# Specific properties of water and steam

**Specific properties of water and steam**

**Definition**

Specific properties are per kg. Examples are specific volume, specific enthalpy, specific entropy, specific internal energy and specific latent heat.

**Symbol**

These specific properties are represented by the small alphabet like v, h,s,u,c_{P} etc.

Reference temperature for the enthalpy and entropy of water is 0^{0}C.

Enthalpy of water is taken as 0 (ZERO) at 0^{0}C.

Specific heat of ice = 2.1 kJ/kg^{0}C, Specific heat of water = 4.18 kJ/kg^{0}C and Specific heat of steam vapor = 2.3 kJ/kg^{0}C

Latent heat of ice = 335 kJ/kg and Latent heat of vaporization = 2257 kJ/kg

**Specific enthalpy**

- Therefore, enthalpy of 1 kg of ice at 0
^{0}C will become negative and will be –335kJ/kg. as the latent heat of ice is 335 kJ/kg - Enthalpy of water at
^{0}C = 0 kJ/kg - Enthalpy of water say at 11
^{0}C

=mc_{p}dt = 1 x 4.18 x 11=45.98 kJ/kg

4.Enthalpy of water at 100^{0}C

h= 1 x 4.18 x 100 = 418 kJ/kg

5. Enthalpy of water vapor at 100^{0}C and at 1 atm pressure = 418 + LH

=418 + 2257 = 2675 kJ/kg

6. Enthalpy of water vapor, say, at 119^{0}C at 1 atm pressure will be

h = 2675 + 1 C_{p vapor} dt

** = 2675 + 1x 2.3x 19**

** = 2675 + 43.7= 2718.7 kJ/kg**

**DRYNESS FRACTION OF STEAM**

It is represented by ‘x’. In a certain sample of steam and water, it is the ratio of mass of vapor to the mass of vapor and mass of liquid.

x = mass of vapor/(mass of vapor+mass of liquid)

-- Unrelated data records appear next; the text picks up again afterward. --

Theorem lemma3p11 (G : R * R -> Prop) (zeta : R * R -> R) :
  open G ->
  (forall z, G z -> 0 < zeta z) ->
  C2_on G zeta ->
  (convex_set G ->
     ((forall z, G z -> dxdy_log zeta z = 0) <-> separable_on G zeta)) /\
  (strictly_non_separable_on G zeta <->
     dense_in (fun z => G z /\ dxdy_log zeta z <> 0) G) /\
  (forall O : R * R -> Prop,
     (forall z, O z -> G z /\ dxdy_log zeta z <> 0) ->
     symmetric_set O -> open O -> convex_set O ->
     ((separable_on O (dxdy_log zeta) /\ symmetric_on O (dxdy_log zeta)) <->
      pseudo_gaussian_on O zeta)).
Proof.
  intros HG Hpos HC2. split; [|split].
  - intros Hconv. split.
    + exact (separable_of_dxdy_log_eq_0 G zeta HG Hpos HC2 G HG Hconv (fun z Hz => Hz)).
    + exact (dxdy_log_eq_0_of_separable G zeta Hpos HC2 G HG (fun z Hz => Hz)).
  - exact (strictly_non_separable_iff_dense G zeta HG Hpos HC2).
  - intros O HO Hsym HOo HOc. split.
    + intros [Hsep Hphisym].
      exact (pseudo_gaussian_of_separable_symmetric G zeta HG Hpos HC2 O HO Hsym HOo HOc
               Hsep Hphisym).
    + exact (separable_symmetric_of_pseudo_gaussian G zeta Hpos HC2 O HO Hsym HOo).
Qed.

Its value will lie between 0 and 1.

- When it is total liquid, dryness fraction is zero.
- When it is total vapor, dryness fraction is one.
- Enthalpy of wet steam

Wet steam with dryness fraction ‘x’

h_{x} = (1—x)h_{f} +x h_{v}

Where h_{f} is enthalpy of saturated water at its boiling point at a certain pressure

h_{v} is the enthalpy of saturated vapor at its boiling point at a certain pressure

**SPECIFIC VOLUME**

(i) Specific volume of water= volume of 1 kg of water

= 0.001 m^{3}/kg

(ii) Specific volume of wet steam v_{x }=(1—x)v_{f} + x v_{g}

(iii) Specifc volume of super heated steam is found by using Charles law

v_{super }/ T_{super} = v_{sat}/T_{sat}

**SPECIFIC INTERNAL ENERGY **

Internal energy of water of mass m, U = mc_{v}dt

For 1 kg, u = 1 x c_{p} x dt

Say at 10^{0}C, u = 1 x 4.18 x 10 = 41.8 kJ/kg

Internal energy of steam

u = h-pv

**SPECIFIC ENTROPY**

(i) Entropy of water at 0^{0}C is taken as zero.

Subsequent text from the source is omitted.